(* Let $p$ be a prime and $n\ge1$, and let $A,B,Q\in\mathbb{L}_p^{n\times n}$ with $\det(Q)\neq0$ and $AQ=QB$. Then the linear cellular automaton over $(\mathbb{Z}/p\mathbb{Z})^n$ with associated matrix $A$ is positively expansive if and only if the linear cellular automaton over $(\mathbb{Z}/p\mathbb{Z})^n$ with associated matrix $B$ is positively expansive.
   Context: $\mathbb{L}_p=\mathbb{Z}/p\mathbb{Z}[X,X^{-1}]$. The linear cellular automaton over $(\mathbb{Z}/p\mathbb{Z})^n$ with associated matrix $\sum_{j=-r}^rA_jX^{-j}$ ($A_j\in(\mathbb{Z}/p\mathbb{Z})^{n\times n}$) is the map $\mathcal{F}$ on $((\mathbb{Z}/p\mathbb{Z})^n)^{\mathbb{Z}}$ with $\mathcal{F}(c)_i=\sum_{j=-r}^rA_jc_{i+j}$. The configuration space carries the metric $d(c,c')=2^{-\min\{|j|:c_j\neq c'_j\}}$ ($d(c,c)=0$). $\mathcal{F}$ is positively expansive if there is $\varepsilon>0$ such that for all configurations $c\neq c'$ there is $\ell\in\mathbb{N}$ with $d(\mathcal{F}^\ell(c),\mathcal{F}^\ell(c'))\geq\varepsilon$. *)

From Stdlib Require Import Reals ClassicalEpsilon.
From mathcomp Require Import all_boot all_order all_algebra fraction.
Set Implicit Arguments. Unset Strict Implicit. Unset Printing Implicit Defensive.
Import Order.TTheory GRing.Theory Num.Theory.
Local Open Scope ring_scope.

Definition zrange (r : nat) : seq int :=
  [seq ((k%:Z) - (r%:Z))%R | k <- iota 0 (r + r).+1].

(* A matrix over L_p = (Z/pZ)[X,X^-1] is represented by its family of
   coefficient matrices j |-> A_j (the matrix is sum_j A_j X^{-j}),
   supported in [-r, r]. *)
Definition supported (p n r : nat) (A : int -> 'M['F_p]_n) : Prop :=
  forall j : int, (r < `|j|)%N -> A j = 0.

(* Embedding L_p^{n x n} -> Frac(F_p[X])^{n x n} (an injective ring morphism,
   so products and determinants are those of L_p^{n x n}). *)
Definition lmx (p n r : nat) (A : int -> 'M['F_p]_n)
  : 'M[{fraction {poly 'F_p}}]_n :=
  \matrix_(i, k) \sum_(j <- zrange r)
      FracField.tofrac (A j i k)%:P * (FracField.tofrac ('X : {poly 'F_p})) ^ (- j).

Definition config (p n : nat) := int -> 'cV['F_p]_n.

Definition lca (p n r : nat) (A : int -> 'M['F_p]_n) (c : config p n)
  : config p n :=
  fun i => \sum_(j <- zrange r) (A j *m c (i + j)).

Definition decb (P : Prop) : bool :=
  if excluded_middle_informative P then true else false.

(* d(c,c') = 2^{-min{|j| : c_j <> c'_j}}, d(c,c) = 0 *)
Definition cdist (p n : nat) (c c' : config p n) : R :=
  match excluded_middle_informative
          (exists m : nat, decb (exists j : int, `|j|%N = m /\ c j <> c' j)) with
  | left H => Rinv (pow 2 (ex_minn H))
  | right _ => R0
  end.

Definition pos_expansive (p n : nat) (F : config p n -> config p n) : Prop :=
  exists eps : R, Rlt R0 eps /\
    forall c c' : config p n, c <> c' ->
      exists l : nat, Rle eps (cdist (iter l F c) (iter l F c')).

From Stdlib Require Import Reals ClassicalEpsilon FunctionalExtensionality Classical Lra.
From mathcomp Require Import all_boot all_order all_algebra fraction zify.
Import Order.TTheory GRing.Theory Num.Theory.
Set Implicit Arguments. Unset Strict Implicit. Unset Printing Implicit Defensive.

(* Multiplying by a power of X turns the associated matrices of A, B, Q into
   polynomial matrices A', B', Q', and a polynomial matrix acts on
   configurations as a sliding-block map (X being the shift).  After clearing
   denominators, AQ = QB says that the map of Q' intertwines F_A and F_B.
   This map is continuous, and it is injective once a window of width
   deg det Q' is fixed, because adj(Q') Q' = det Q' and a scalar linear
   recurrence is determined by that many consecutive values.  Such a map
   transports expansivity from F_A to F_B; adj(Q'), which intertwines F_B
   and F_A in the same way, gives the converse. *)

Local Open Scope ring_scope.

Definition agree (T : Type) (N : nat) (c c' : int -> T) : Prop :=
  forall j : int, (`|j| <= N)%N -> c j = c' j.

Lemma agree_le (T : Type) (M N : nat) (c c' : int -> T) :
  (M <= N)%N -> agree N c c' -> agree M c c'.
Proof. by move=> hMN h j hj; apply: h; apply: leq_trans hMN. Qed.

Lemma sum_antidiagonal (V : zmodType) (g : nat -> nat -> V) N :
  \sum_(0 <= m < N) \sum_(0 <= l < m.+1) g l (m - l)%N =
  \sum_(0 <= k < N) \sum_(0 <= l < N - k) g k l.
Proof.
elim: N => [|N IH]; first by rewrite !big_geq.
rewrite big_nat_recr //= IH.
rewrite [RHS](eq_big_nat _ _ (F2 := fun k => \sum_(0 <= l < N - k) g k l + g k (N - k)%N)); last first.
  by move=> k /andP [_ hk]; rewrite subSn // big_nat_recr.
by rewrite big_split /= [in RHS](big_nat_recr N) //= subnn [X in _ + X + _]big_geq // addr0.
Qed.
Lemma gauss_aux_bounds (x : R) : 0 <= gauss_aux_int x <= exp (- x ^ 2 / 2).
Proof.
  assert (Hpt : forall t, 0 <= gauss_aux x t <= exp (- x ^ 2 / 2)).
  { intros t. pose proof (one_plus_sqr_pos t). unfold gauss_aux. split.
    - apply Rlt_le, Rdiv_lt_0_compat; [apply exp_pos | lra].
    - apply Rle_trans with (exp (- x ^ 2 * (1 + t ^ 2) / 2)).
      + apply Rmult_le_reg_r with (1 + t ^ 2); [lra|].
        unfold Rdiv at 1. rewrite Rmult_assoc, Rinv_l by lra.
        pose proof (exp_pos (- x ^ 2 * (1 + t ^ 2) / 2)). nra.
      + apply exp_le_exp. pose proof (pow2_ge_0 x); pose proof (pow2_ge_0 t); nra. }
  unfold gauss_aux_int. split.
  - apply RInt_ge_0; [lra | apply ex_RInt_gauss_aux | intros; apply Hpt].
  - apply Rle_trans with (RInt (fun _ => exp (- x ^ 2 / 2)) 0 1).
    + apply RInt_le; [lra | apply ex_RInt_gauss_aux | apply ex_RInt_const | intros; apply Hpt].
    + rewrite RInt_const. unfold scal; simpl; unfold mult; simpl. lra.
Qed.

Lemma gauss_aux_int_0 : gauss_aux_int 0 = PI / 4.
Proof.
  unfold gauss_aux_int.
  rewrite (RInt_ext _ (fun t => / (1 + t²))).
  2:{ intros t _. change (gauss_aux 0 t = / (1 + t²)). unfold gauss_aux, Rsqr.
      replace (- 0 ^ 2 * (1 + t ^ 2) / 2) with 0 by field. rewrite exp_0.
      replace (t ^ 2) with (t * t) by ring. unfold Rdiv. ring. }
  rewrite (is_RInt_unique _ 0 1 (minus (atan 1) (atan 0))).
  - unfold minus, plus, opp; simpl. rewrite atan_1, atan_0. lra.
  - apply (is_RInt_derive (V := R_CompleteNormedModule)).
    + intros t _. apply is_derive_atan.
    + intros t _. continuity_by_derive. unfold Rsqr. nra.
Qed.

Lemma RInt_gauss_pdf_sqr (x : R) :
  (RInt gauss_pdf 0 x) ^ 2 = / 4 - gauss_aux_int x / PI.
Proof.
  pose proof PI_RGT_0 as HPI.
  set (h y := (RInt gauss_pdf 0 y) ^ 2 + / PI * gauss_aux_int y).
  assert (Hd : forall y, is_derive h y 0).
  { intros y.
    assert (H : is_derive h y (INR 2 * gauss_pdf y * RInt gauss_pdf 0 y ^ pred 2
                               + / PI * (- 2 * PI * gauss_pdf y * RInt gauss_pdf 0 y))).
    2:{ assert (E : INR 2 * gauss_pdf y * RInt gauss_pdf 0 y ^ pred 2
                    + / PI * (- 2 * PI * gauss_pdf y * RInt gauss_pdf 0 y) = 0)
          by (simpl; field; lra).
        rewrite E in H. exact H. }
    unfold h. apply (is_derive_plus (K := R_AbsRing) (V := R_NormedModule)).
    - apply is_derive_pow, is_derive_RInt with 0.
      + apply filter_forall. intros b.
        apply (RInt_correct (V := R_CompleteNormedModule)), ex_RInt_gauss_pdf.
      + apply gauss_pdf_continuous.
    - apply is_derive_scal, gauss_aux_int_derive. }
  assert (Hconst : h x = h 0).
  { destruct (Rtotal_order x 0) as [Hx | [-> | Hx]].
    - apply eq_is_derive; [intros; apply Hd | lra].
    - reflexivity.
    - symmetry. apply eq_is_derive; [intros; apply Hd | lra]. }
  unfold h in Hconst. rewrite RInt_point, gauss_aux_int_0 in Hconst.
  simpl in Hconst. unfold zero in Hconst; simpl in Hconst.
  assert (HP : / PI * (PI / 4) = / 4) by (field; lra). lra.
Qed.

Lemma RInt_gauss_pdf_opp (x : R) : RInt gauss_pdf 0 (- x) = - RInt gauss_pdf 0 x.
Proof.
  assert (H := RInt_comp_lin (V := R_CompleteNormedModule) gauss_pdf (-1) 0 0 x
                 (ex_RInt_gauss_pdf _ _)).
  replace (-1 * 0 + 0) with 0 in H by ring. replace (-1 * x + 0) with (- x) in H by ring.
  rewrite <- H, (RInt_ext _ (fun t => -1 * gauss_pdf t)).
  - rewrite (RInt_scal (V := R_CompleteNormedModule)) by apply ex_RInt_gauss_pdf.
    unfold scal; simpl; unfold mult; simpl. ring.
  - intros t _. unfold scal; simpl; unfold mult; simpl.
    replace (-1 * t + 0) with (- t) by ring. rewrite gauss_pdf_opp. reflexivity.
Qed.
(* Under the standing assumptions below, let $\kappa>0$, $\tau\ge L_{\nabla P_\rho}+\kappa$, $\alpha_y\in(0,1/(L_{\nabla P_\rho}+\tau))$, $\alpha_x\in(0,1/L_{\nabla\vartheta})$, and let the iterates be generated by PG-MAD. Then for $k=0,\dots,K-1$, with $w^k=(x^k,z^k,u^k,v^k)$, $$\frac{1-\alpha_xL_{\nabla\vartheta}}{4\alpha_x}\|w^{k+1}-w^k\|^2\le\vartheta(w^k)-\vartheta(w^{k+1})+\frac{2\alpha_x(L_{\nabla f}^2+\rho^2L_{\nabla g}^2+\tau^2)}{\kappa(1-\alpha_xL_{\nabla\vartheta})}(1-\kappa\alpha_y)^T\Delta_k.$$
   Context: Standing setting. $\mathcal X\subset\mathbb R^{d_x}$, $\mathcal Y\subset\mathbb R^{d_y}$, $\Lambda\subset\mathbb R^{d_\lambda}$ are nonempty convex compact sets. $f(x,y,\lambda):=\bar f(x,y)+\lambda^T(Ax+By-c)$ with $\bar f$ continuously differentiable; $L_{\nabla f}>0$ is a Lipschitz constant of $\nabla f$ on $\mathcal X\times\mathcal Y\times\Lambda$. $g$ is continuously differentiable, $\nabla g$ is $L_{\nabla g}$-Lipschitz on $\mathcal Y\times\Lambda$, $g(\cdot,\lambda)$ is convex for each $\lambda\in\Lambda$, and $g$ has a saddle point $(z^*,\lambda^* )\in\mathcal Y\times\Lambda$: $g(z^*,\lambda^* )=\max_{\lambda\in\Lambda}\min_{z\in\mathcal Y}g(z,\lambda)=\min_{z\in\mathcal Y}\max_{\lambda\in\Lambda}g(z,\lambda)$. For $\rho>0$: $P_\rho(x,y,\lambda,z):=f(x,y,\lambda)-\rho(g(y,\lambda)-g(z,\lambda))$, $L_{\nabla P_\rho}:=L_{\nabla f}+2\rho L_{\nabla g}$; $Q(x,z,u,v,y,\lambda):=P_\rho(x,y,\lambda,z)-\frac\tau2\|(y,\lambda)-(u,v)\|^2$; $\vartheta(x,z,u,v):=\max_{y\in\mathcal Y,\lambda\in\Lambda}Q(x,z,u,v,y,\lambda)$; $L_{\nabla\vartheta}:=(L_{\nabla f}+\rho L_{\nabla g}+2\tau)(1+(L_{\nabla P_\rho}+\tau)\kappa^{-1})$. $\mathrm{proj}_C$ is Euclidean projection; $\nabla_1g$ is the gradient of $g$ in its first argument. PG-MAD: given $\rho,\kappa>0$, $\tau\ge L_{\nabla P_\rho}+\kappa$, $\alpha_x,\alpha_y>0$, integers $T,K>1$, and $x^0\in\mathcal X$, $z^0,y^0\in\mathcal Y$, $\lambda^0\in\Lambda$, $u^0\in\mathbb R^{d_y}$, $v^0\in\mathbb R^{d_\lambda}$: for $k=0,\dots,K-1$, set $(y^{[0]}(k),\lambda^{[0]}(k))=(y^k,\lambda^k)$; for $t=0,\dots,T-1$, $y^{[t+1]}(k)=\mathrm{proj}_{\mathcal Y}[y^{[t]}(k)+\alpha_y\nabla_yQ(x^k,z^k,u^k,v^k,y^{[t]}(k),\lambda^{[t]}(k))]$, $\lambda^{[t+1]}(k)=\mathrm{proj}_{\Lambda}[\lambda^{[t]}(k)+\alpha_y\nabla_\lambda Q(x^k,z^k,u^k,v^k,y^{[t]}(k),\lambda^{[t]}(k))]$; set $(y^{k+1},\lambda^{k+1})=(y^{[T]}(k),\lambda^{[T]}(k))$; then $x^{k+1}=\mathrm{proj}_{\mathcal X}[x^k-\alpha_x\nabla_xf(x^k,y^{k+1},\lambda^{k+1})]$, $z^{k+1}=\mathrm{proj}_{\mathcal Y}[z^k-\alpha_x\rho\nabla_1g(z^k,\lambda^{k+1})]$, $u^{k+1}=(1+\alpha_x\tau)u^k-\alpha_x\tau y^{k+1}$, $v^{k+1}=(1+\alpha_x\tau)v^k-\alpha_x\tau\lambda^{k+1}$. Notation: $Q^{(k)}(y,\lambda):=Q(x^k,z^k,u^k,v^k,y,\lambda)$; $\Delta_k:=\vartheta(x^k,z^k,u^k,v^k)-Q^{(k)}(y^k,\lambda^k)$. *)

From HB Require Import structures.
From mathcomp Require Import all_boot all_order all_algebra.
From mathcomp Require Import all_classical all_reals all_analysis.
Set Implicit Arguments. Unset Strict Implicit. Unset Printing Implicit Defensive.
Import Order.TTheory GRing.Theory Num.Theory.
Import numFieldNormedType.Exports.
Local Open Scope classical_set_scope.
Local Open Scope ring_scope.

Section Defs.
Variable R : realType.

Definition dotv n (u v : 'rV[R]_n) : R := \sum_(i < n) u ord0 i * v ord0 i.
Definition sqn n (u : 'rV[R]_n) : R := dotv u u.
Definition enorm n (u : 'rV[R]_n) : R := Num.sqrt (sqn u).

Definition enorm2 m n (a : 'rV[R]_m) (b : 'rV[R]_n) : R := Num.sqrt (sqn a + sqn b).
Definition enorm3 m n p (a : 'rV[R]_m) (b : 'rV[R]_n) (c : 'rV[R]_p) : R :=
  Num.sqrt (sqn a + sqn b + sqn c).

Definition is_proj n (C : set 'rV[R]_n) (a p : 'rV[R]_n) : Prop :=
  C p /\ forall q, C q -> enorm (a - p) <= enorm (a - q).

Definition is_C1_grad m n (F : 'rV[R]_m -> 'rV[R]_n -> R)
    (G1 : 'rV[R]_m -> 'rV[R]_n -> 'rV[R]_m) (G2 : 'rV[R]_m -> 'rV[R]_n -> 'rV[R]_n) : Prop :=
  (forall a b,
    differentiable (fun p : 'rV[R]_m * 'rV[R]_n => F p.1 p.2) (a, b) /\
    forall h : 'rV[R]_m * 'rV[R]_n,
      'd (fun p : 'rV[R]_m * 'rV[R]_n => F p.1 p.2) (a, b) h
        = dotv (G1 a b) h.1 + dotv (G2 a b) h.2) /\
  continuous (fun p : 'rV[R]_m * 'rV[R]_n => G1 p.1 p.2) /\
  continuous (fun p : 'rV[R]_m * 'rV[R]_n => G2 p.1 p.2).

End Defs.

(* Problem data. A : 'M_(dl,dx), B : 'M_(dl,dy), c : R^dl (row vector).
   The column-vector expression A x is written x *m A^T. *)
Unset Implicit Arguments.
Record pdata (R : realType) := PData {
  dx : nat; dy : nat; dl : nat;
  Xs : set 'rV[R]_dx; Ys : set 'rV[R]_dy; Ls : set 'rV[R]_dl;
  Am : 'M[R]_(dl, dx); Bm : 'M[R]_(dl, dy); cv : 'rV[R]_dl;
  fbar : 'rV[R]_dx -> 'rV[R]_dy -> R;
  fbar_x : 'rV[R]_dx -> 'rV[R]_dy -> 'rV[R]_dx;
  fbar_y : 'rV[R]_dx -> 'rV[R]_dy -> 'rV[R]_dy;
  gfun : 'rV[R]_dy -> 'rV[R]_dl -> R;
  g_1 : 'rV[R]_dy -> 'rV[R]_dl -> 'rV[R]_dy;
  g_2 : 'rV[R]_dy -> 'rV[R]_dl -> 'rV[R]_dl
}.
Arguments dx {R}. Arguments dy {R}. Arguments dl {R}. Arguments Xs {R}. Arguments Ys {R}. Arguments Ls {R}.
Arguments Am {R}. Arguments Bm {R}. Arguments cv {R}. Arguments fbar {R}. Arguments fbar_x {R}.
Arguments fbar_y {R}. Arguments gfun {R}. Arguments g_1 {R}. Arguments g_2 {R}.
Set Implicit Arguments.

Section Problem.
Variables (R : realType) (D : pdata R) (rho tau : R).
Local Notation dx := (dx D). Local Notation dy := (dy D). Local Notation dl := (dl D).

Definition fval (x : 'rV[R]_dx) (y : 'rV[R]_dy) (l : 'rV[R]_dl) : R :=
  fbar D x y + dotv l (x *m (Am D)^T + y *m (Bm D)^T - cv D).
Definition grad_fx x y (l : 'rV[R]_dl) : 'rV[R]_dx := fbar_x D x y + l *m Am D.
Definition grad_fy x y (l : 'rV[R]_dl) : 'rV[R]_dy := fbar_y D x y + l *m Bm D.
Definition grad_fl (x : 'rV[R]_dx) (y : 'rV[R]_dy) (l : 'rV[R]_dl) : 'rV[R]_dl :=
  x *m (Am D)^T + y *m (Bm D)^T - cv D.

Definition Prho x y l (z : 'rV[R]_dy) : R := fval x y l - rho * (gfun D y l - gfun D z l).

Definition Qfun x (z u : 'rV[R]_dy) (v : 'rV[R]_dl) y l : R :=
  Prho x y l z - tau / 2 * (sqn (y - u) + sqn (l - v)).
Definition grad_Qy x (z u : 'rV[R]_dy) (v : 'rV[R]_dl) y l : 'rV[R]_dy :=
  grad_fy x y l - rho *: g_1 D y l - tau *: (y - u).
Definition grad_Ql x (z u : 'rV[R]_dy) (v : 'rV[R]_dl) y l : 'rV[R]_dl :=
  grad_fl x y l - rho *: (g_2 D y l - g_2 D z l) - tau *: (l - v).

Definition vartheta x (z u : 'rV[R]_dy) (v : 'rV[R]_dl) : R :=
  sup [set Qfun x z u v p.1 p.2 | p in Ys D `*` Ls D].

End Problem.
Arguments fval {R} D. Arguments grad_fx {R} D. Arguments grad_fy {R} D.
Arguments grad_fl {R} D. Arguments Prho {R} D. Arguments Qfun {R} D.
Arguments grad_Qy {R} D. Arguments grad_Ql {R} D. Arguments vartheta {R} D.

From HB Require Import structures.
From mathcomp Require Import all_boot all_order all_algebra.
From mathcomp Require Import all_classical all_reals all_analysis.
From mathcomp Require Import ring lra.
Import Order.TTheory GRing.Theory Num.Theory.
Import numFieldNormedType.Exports.
Local Open Scope classical_set_scope.
Local Open Scope ring_scope.

(* For fixed w = (x, z, u, v), Q(w, .) is kappa-strongly concave and (L_P + tau)-smooth on
   Y x Lambda because tau >= L_P + kappa.  Hence the T projected gradient ascent steps of the
   inner loop shrink the gap vartheta(w) - Q(w, .) by the factor (1 - kappa alpha_y)^T, and
   Q(w, .) decays quadratically away from every near-maximizer.  The outer step is a projected
   gradient step in w on Q(., y^{k+1}, lambda^{k+1}).  Compare Q(w^{k+1}, q) with its first-order
   model at w^k, for q a near-maximizer of Q(w^{k+1}, .); the change of the w-gradient of Q
   between (y^{k+1}, lambda^{k+1}), a near-maximizer p of Q(w^k, .) and q is paid for by the
   quadratic decay around p.  This yields the descent of vartheta up to the inner-loop error,
   without ever using an attained maximum. *)

Section DotProduct.
Context {R : realType}.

▶ _Assignment_: Among the lines above, repeat exactly those from the line with "by move=> k" to the line with "- apply Rlt_le, Rdiv_lt_0_compat;", counting both ends.

▶ _Output for this exercise_:
  by move=> k /andP [_ hk]; rewrite subSn // big_nat_recr.
by rewrite big_split /= [in RHS](big_nat_recr N) //= subnn [X in _ + X + _]big_geq // addr0.
Qed.
Lemma gauss_aux_bounds (x : R) : 0 <= gauss_aux_int x <= exp (- x ^ 2 / 2).
Proof.
  assert (Hpt : forall t, 0 <= gauss_aux x t <= exp (- x ^ 2 / 2)).
  { intros t. pose proof (one_plus_sqr_pos t). unfold gauss_aux. split.
    - apply Rlt_le, Rdiv_lt_0_compat; [apply exp_pos | lra].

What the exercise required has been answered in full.